From Pilot Require Import Defs.
From HB Require Import structures.
From mathcomp Require Import all_boot all_order all_algebra all_fingroup all_field.
From mathcomp Require Import zify.
From Stdlib Require Import ClassicalEpsilon.
(* Imported again so that [act] is the group-ring action of Defs, not fingroup's. *)
Import Defs.
Import Order.TTheory GRing.Theory Num.Theory.
Set Implicit Arguments. Unset Strict Implicit. Unset Printing Implicit Defensive.
Local Open Scope ring_scope.

(* As K/k is totally ramified, 1, pi, ..., pi^(n-1) is a k-basis of K whose nonzero
   terms a_j pi^j have pairwise distinct valuations.  Hence every element of O_K is
   congruent modulo pi to an element of k, and each automorphism shifts valuations by a
   bounded amount, so every f in K[G] lies in some C_i.  On C_i the map p_i is additive,
   vanishes on C_(i+1), and p_(i+v(a))(a f) = u(a) p_i(f) for nonzero a in k, where u(a)
   is the residue of a pi^(-v(a)).  For f = sum_b c_b b every term lies in C_(m+d), and
   p_(m+d)(f) is the sum of the u(c_b) p(b) with v(c_b) + d(b) = m; all these b have
   d(b) = m mod n since n divides v(c_b), so graded independence makes the sum nonzero,
   whence d(f) = m.  Part 2 reads off m >= i - d, and part 3 holds because by part 1 the
   n elements of B are free in the n-dimensional space k[G].  Neither completeness nor
   the value of the different is needed. *)

Lemma seq_argmin (T : eqType) (s : seq T) (P : pred T) (g : T -> int) :
  has P s -> exists2 x, (x \in s) && P x & forall y, y \in s -> P y -> g x <= g y.
Proof.
elim: s => //= z s IH; have [Pz|nPz] := boolP (P z) => /=; last first.
  move=> /IH[x /andP[xs Px] hx]; exists x; first by rewrite inE xs orbT.
  by move=> y; rewrite inE => /predU1P[->|/hx//]; rewrite (negbTE nPz).
have [/IH[x /andP[xs Px] hx]|/hasPn nPs] := boolP (has P s) => _; last first.
  exists z; first by rewrite inE eqxx.
  by move=> y; rewrite inE => /predU1P[->//|/nPs/negbTE->].
have [le_zx|/ltW lt_xz] := lerP (g z) (g x).
  exists z; first by rewrite inE eqxx.
  by move=> y; rewrite inE => /predU1P[->//|ys Py]; apply: le_trans le_zx (hx y ys Py).
exists x; first by rewrite inE xs orbT.
by move=> y; rewrite inE => /predU1P[->//|]; apply: hx.
Qed.

Lemma ler_Nmul_norm (j N t : int) : 0 <= j <= N -> - (N * `|t|) <= j * t.
Proof.
by case/andP=> j0 jN; have [t0|t0] := lerP 0 t; [rewrite ger0_norm | rewrite ltr0_norm]; nia.
Qed.

Lemma int_threshold (P : int -> Prop) i j : i <= j -> P i -> ~ P j ->
  exists k, P k /\ ~ P (k + 1).
Proof.
move=> le_ij; have [k ->] : exists k : nat, j = i + k%:Z.
  by exists `|j - i|%N; rewrite gez0_abs ?subr_ge0 // subrKC.
elim: k i {le_ij} => [|k IH] i Pi; first by rewrite addr0.
have [Pi1 nPik|nPi1 _] := classic (P (i + 1)); last by exists i.
by apply: IH Pi1 _; rewrite -addrA -PoszD add1n.
Qed.

Lemma ceilz_leP (q t N : int) : 0 < N -> (((q - 1) %/ N)%Z + 1 <= t) = (q <= t * N).
Proof. by move=> N0; rewrite lezD1 ltz_divLR // ltrBlDr ltzD1. Qed.

Section GroupRing.
Variables (F : fieldType) (L : splittingFieldType F).
Implicit Types (f : KG L) (x y : L).

Lemma alg_eq0 (a : F) : (a%:A == 0 :> L) = (a == 0).
Proof. exact: (fmorph_eq0 (in_alg L)). Qed.

Lemma algM (a b : F) : (a * b)%:A = a%:A * b%:A :> L.
Proof. exact: (rmorphM (in_alg L)). Qed.

Lemma algXz (a : F) (e : int) : (a ^ e)%:A = a%:A ^ e :> L.
Proof. exact: (fmorphXz (in_alg L)). Qed.

Lemma act0 f : act f 0 = 0.
Proof. by rewrite /act big1 // => s _; rewrite rmorph0 mulr0. Qed.

Lemma actD f x y : act f (x + y) = act f x + act f y.
Proof. by rewrite /act -big_split; apply: eq_bigr => s _; rewrite rmorphD mulrDr. Qed.

Lemma gal_algM (s : galG L) (a : F) x : s (a%:A * x) = a%:A * s x.
Proof. by rewrite rmorphM; congr (_ * _); apply: rmorph_alg. Qed.

Lemma gal_alg_poly (s : galG L) (k : nat) (a : 'I_k -> F) y :
  s (\sum_(j < k) (a j)%:A * y ^+ j) = \sum_(j < k) (a j)%:A * s y ^+ j.
Proof.
rewrite rmorph_sum; apply: eq_bigr => j _.
by rewrite rmorphM rmorphXn; congr (_ * _); apply: rmorph_alg.
Qed.

Lemma act_alg f (a : F) x : act f (a%:A * x) = a%:A * act f x.
Proof.
rewrite /act mulr_sumr; apply: eq_bigr => s _.
by rewrite gal_algM mulrCA.
Qed.

Lemma actfZ (a : F) f x : act (a *: f) x = a%:A * act f x.
Proof.
by rewrite /act mulr_sumr; apply: eq_bigr => s _; rewrite ffunE -scalerAl mulr_algl.
Qed.

Lemma actf_sum (I : Type) (s : seq I) (P : pred I) (h : I -> KG L) x :
  act (\sum_(i <- s | P i) h i) x = \sum_(i <- s | P i) act (h i) x.
Proof.
rewrite /act; under eq_bigr do rewrite sum_ffunE mulr_suml.
by rewrite exchange_big.
Qed.

Lemma lincombE (B : seq (KG L)) (c : KG L -> F) : lincomb B c = \sum_(b <- B) c b *: b.
Proof. by apply/ffunP => s; rewrite ffunE sum_ffunE; apply: eq_bigr => b _; rewrite ffunE mulr_algl. Qed.

Lemma card_galG :
  galois (1%VS : {vspace L}) fullv -> #|{: galG L}| = \dim (fullv : {vspace L}).
Proof.
move=> /galois_dim; rewrite dimv1 divn1 => ->.
have -> : 'Gal(fullv / 1%VS)%g = [set: galG L]; last by rewrite cardsT.
apply/eqP; rewrite eqEsubset subsetT /= -{1}(gal_fixedField [set: galG L]%G).
by apply: galS; apply: sub1v.
Qed.

Definition gal_delta (s : galG L) : KG L := [ffun t => (t == s)%:R].

Lemma in_kG_span f : in_kG f -> f \in <<[seq gal_delta s | s <- enum (galG L : finType)]>>%VS.
Proof.
move=> f_kG; have /fin_all_exists[a fE] : forall s, exists a : F, f s = a%:A.
  by move=> s; have /vlineP[a ->] := f_kG s; exists a.
have -> : f = \sum_(s : galG L) a s *: gal_delta s.
  apply/ffunP => t; rewrite sum_ffunE (bigD1 t) //= big1 => [|s st].
    by rewrite !ffunE eqxx fE addr0.
  by rewrite !ffunE eq_sym (negbTE st) scaler0.
by apply: memv_suml => s _; apply/memvZ/memv_span/map_f; rewrite mem_enum.
Qed.

Definition seq_coef (B : seq (KG L)) (a : 'I_(size B) -> F) (b : KG L) : F :=
  oapp a 0 (insub (index b B)).

Lemma seq_coef_nth B a (i : 'I_(size B)) : uniq B -> seq_coef a B`_i = a i.
Proof. by move=> Bu; rewrite /seq_coef (index_uniq 0) // valK. Qed.

Lemma lincomb_seq_coef B a : uniq B -> lincomb B (seq_coef a) = \sum_(i < size B) a i *: B`_i.
Proof.
by move=> Bu; rewrite lincombE (big_nth 0) big_mkord; apply: eq_bigr => i _; rewrite seq_coef_nth.
Qed.

End GroupRing.

Section DiscreteValuation.
Variables (F : fieldType) (L : splittingFieldType F) (v : L -> int).
Hypothesis Hv : is_dval v.

Lemma dvalM x y : x != 0 -> y != 0 -> v (x * y) = v x + v y.
Proof. by case: Hv => + _ _; apply. Qed.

## What is required:
Copy all lines in the listing above where the string "move" appears.

## Exercise output:
  move=> /IH[x /andP[xs Px] hx]; exists x; first by rewrite inE xs orbT.
  by move=> y; rewrite inE => /predU1P[->|/hx//]; rewrite (negbTE nPz).
  by move=> y; rewrite inE => /predU1P[->//|/nPs/negbTE->].
  by move=> y; rewrite inE => /predU1P[->//|ys Py]; apply: le_trans le_zx (hx y ys Py).
by move=> y; rewrite inE => /predU1P[->//|]; apply: hx.
move=> le_ij; have [k ->] : exists k : nat, j = i + k%:Z.
Proof. by move=> N0; rewrite lezD1 ltz_divLR // ltrBlDr ltzD1. Qed.
move=> /galois_dim; rewrite dimv1 divn1 => ->.
move=> f_kG; have /fin_all_exists[a fE] : forall s, exists a : F, f s = a%:A.
  by move=> s; have /vlineP[a ->] := f_kG s; exists a.
Proof. by move=> Bu; rewrite /seq_coef (index_uniq 0) // valK. Qed.
by move=> Bu; rewrite lincombE (big_nth 0) big_mkord; apply: eq_bigr => i _; rewrite seq_coef_nth.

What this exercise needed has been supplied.